Obwohl das Board keinen bemerkenswerten Beitrag zum Gesamtsieg der Alliierten leistete, diente es als Präzedenzfall für die zukünftige Zusammenarbeit zwischen Wissenschaftlern, Erfindern und dem US-Militär. Während des Krieges verbrachte Edison mehrere Monate auf einem Marineschiff im Long Island Sound und experimentierte mit Techniken zum Aufspüren und Identifizieren von U-Booten.

Die letzte experimentelle Arbeit in Edisons Leben entstand Ende der 1920er Jahre auf Anfrage von Henry Ford und Harvey Firestone. Sie baten Edison, eine Ersatzquelle für Kautschuk für die Verwendung in Autoreifen zu finden. Der bis dahin für Reifen verwendete Naturkautschuk stammte vom Kautschukbaum, der in den USA nicht wächst. Es wurde immer teurer.

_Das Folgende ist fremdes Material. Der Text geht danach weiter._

Lemma cpol_neq0 (P : {mpoly R[n.+1]}) : P != 0 ->
  exists2 e, (e < msize P)%N & cpol P e != 0.
Proof.
rewrite -msupp_eq0; case E: (msupp P) => [|m0 ?] // _.
have m0P : m0 \in msupp P by rewrite E inE eqxx.
exists (m0 ord_max); first exact: max_lt_msize.
apply/eqP => /(congr1 (mcoeff (mshr m0))); rewrite mcoeff0 /cpol raddf_sum /=.
rewrite big_mkcond (bigD1_seq m0) ?msupp_uniq //= eqxx mcoeffZ mcoeffX eqxx mulr1.
rewrite [X in _ + X]big1 ?addr0; first by apply/eqP; rewrite mcoeff_eq0 negbK.
move=> m hne; case: eqP => // hmx; rewrite mcoeffZ mcoeffX.
case: eqP => [h|]; last by rewrite mulr0.
by case/eqP: hne; apply: mshr_inj.
Qed.

End LastVariable.
Arguments cpol {R n}.
Arguments cpol_neq0 {R n P}.

(* Over a numeric (hence characteristic zero) domain, a nonzero polynomial
   function does not vanish identically: univariate case first (it has finitely many roots
   but there are infinitely many naturals), then induction on the number of
   variables via cpol. *)
Section NonRoot.
Variable R : numDomainType.

Lemma poly_nonroot {p : {poly R}} : p != 0 -> exists t, ~~ root p t.
Proof.
move=> p0; pose rs := [seq (i%:R : R) | i <- iota 0 (size p)].
have rs_uniq : uniq rs.
  by rewrite map_inj_uniq ?iota_uniq // => i j /eqP; rewrite eqr_nat => /eqP.
have : ~~ all (root p) rs.
  apply/negP => /(max_poly_roots p0)/(_ rs_uniq).
  by rewrite size_map size_iota ltnn.
by case/allPn => t _ ?; exists t.
Qed.

Lemma mpoly_nonroot (n : nat) (P : {mpoly R[n]}) : P != 0 ->
  exists v : 'I_n -> R, P.@[v] != 0.
Proof.
elim: n P => [|n IH] P P0.
  exists (fun i => 0).
  have -> : P = (P@_0%MM)%:MP.
    apply: msize1_polyC; rewrite msizeE; apply/bigmax_leqP_seq => m _ _.
    by rewrite ltnS leqn0 mdegE big_ord0.
  rewrite mevalC; apply: contra P0 => /eqP h.
  apply/eqP/mpolyP => m; rewrite mcoeff0.
  by have -> : m = 0%MM by apply/mnmP => -[].
have [e eS ce] := cpol_neq0 P0.
have [w hw] := IH _ ce.
pose p := \poly_(k < msize P) (cpol P k).@[w].
have p0 : p != 0.
  apply: contraNneq hw => /(congr1 (fun q : {poly R} => q`_e)).
  by rewrite /= coef_poly eS coef0 => ->.
have [t ht] := poly_nonroot p0.
pose v (i : 'I_n.+1) := if insub (val i) is Some j then w j else t.
exists v; rewrite meval_cpol.
have hv : (fun i : 'I_n => v (widen_ord (leqnSn n) i)) =1 w.
  move=> i; rewrite /v insubT /=; first by rewrite ltn_ord.
  by move=> h; congr w; apply: val_inj.
under eq_bigr do rewrite (meval_eq _ hv).
have -> : v ord_max = t by rewrite /v insubF //= ltnn.
move: ht; rewrite /root horner_poly.
by under eq_bigr do rewrite mulrC.
Qed.

End NonRoot.
Arguments mpoly_nonroot {R n P}.

Section DegreeBounds.
Variables (R : idomainType) (m : nat).
Implicit Types (f g : {mpoly R[m]}).

Lemma msizeM_bnd f g a b : (msize f <= a.+1)%N -> (msize g <= b.+1)%N ->
  (msize (f * g) <= (a + b).+1)%N.
Proof.
have [->|f0] := eqVneq f 0; first by rewrite mul0r msize0.
have [->|g0] := eqVneq g 0; first by rewrite mulr0 msize0.
rewrite msizeM //.
have := msize_poly_eq0 f; have := msize_poly_eq0 g.
rewrite (negbTE f0) (negbTE g0); lia.
Qed.

Lemma msizeX_bnd f a k : (msize f <= a.+1)%N -> (msize (f ^+ k) <= (a * k).+1)%N.
Proof.
move=> hf; elim: k => [|k IH]; first by rewrite expr0 msize1 muln0.
by rewrite exprS mulnS; apply: msizeM_bnd.
Qed.

Lemma msize_prod_bnd (I : Type) (r : seq I) (F : I -> {mpoly R[m]}) (a : I -> nat) :
  (forall i, msize (F i) <= (a i).+1)%N ->
  (msize (\prod_(i <- r) F i) <= (\sum_(i <- r) a i).+1)%N.
Proof.
move=> h; elim: r => [|x r IH]; first by rewrite !big_nil msize1.
by rewrite !big_cons; apply: msizeM_bnd.
Qed.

Edison testete Tausende verschiedener Pflanzen, um eine geeignete Alternative zu finden, und fand schließlich eine Art von Goldrute-Unkraut, die genug Gummi produzieren konnte, um praktikabel zu sein. Edison arbeitete zum Zeitpunkt seines Todes noch daran.

Edison erhielt sein letztes Patent (sein 1093.) im Alter von 83 Jahren. Er starb am 18. Oktober 1931 in New Jersey. Unzählige Einzelpersonen, Gemeinschaften und Unternehmen auf der ganzen Welt erkannten, dass sein Tod das Ende einer Ära im Fortschritt der Zivilisation markierte.

Am Abend des Tages, an dem er auf seinem Anwesen in Glenmont, New Jersey, beigesetzt wurde, dimmten Häuser und Geschäfte auf der ganzen Welt ihre Lichter oder schalteten kurzzeitig den Strom ab.


Siehe auch Die Wright-Brüder.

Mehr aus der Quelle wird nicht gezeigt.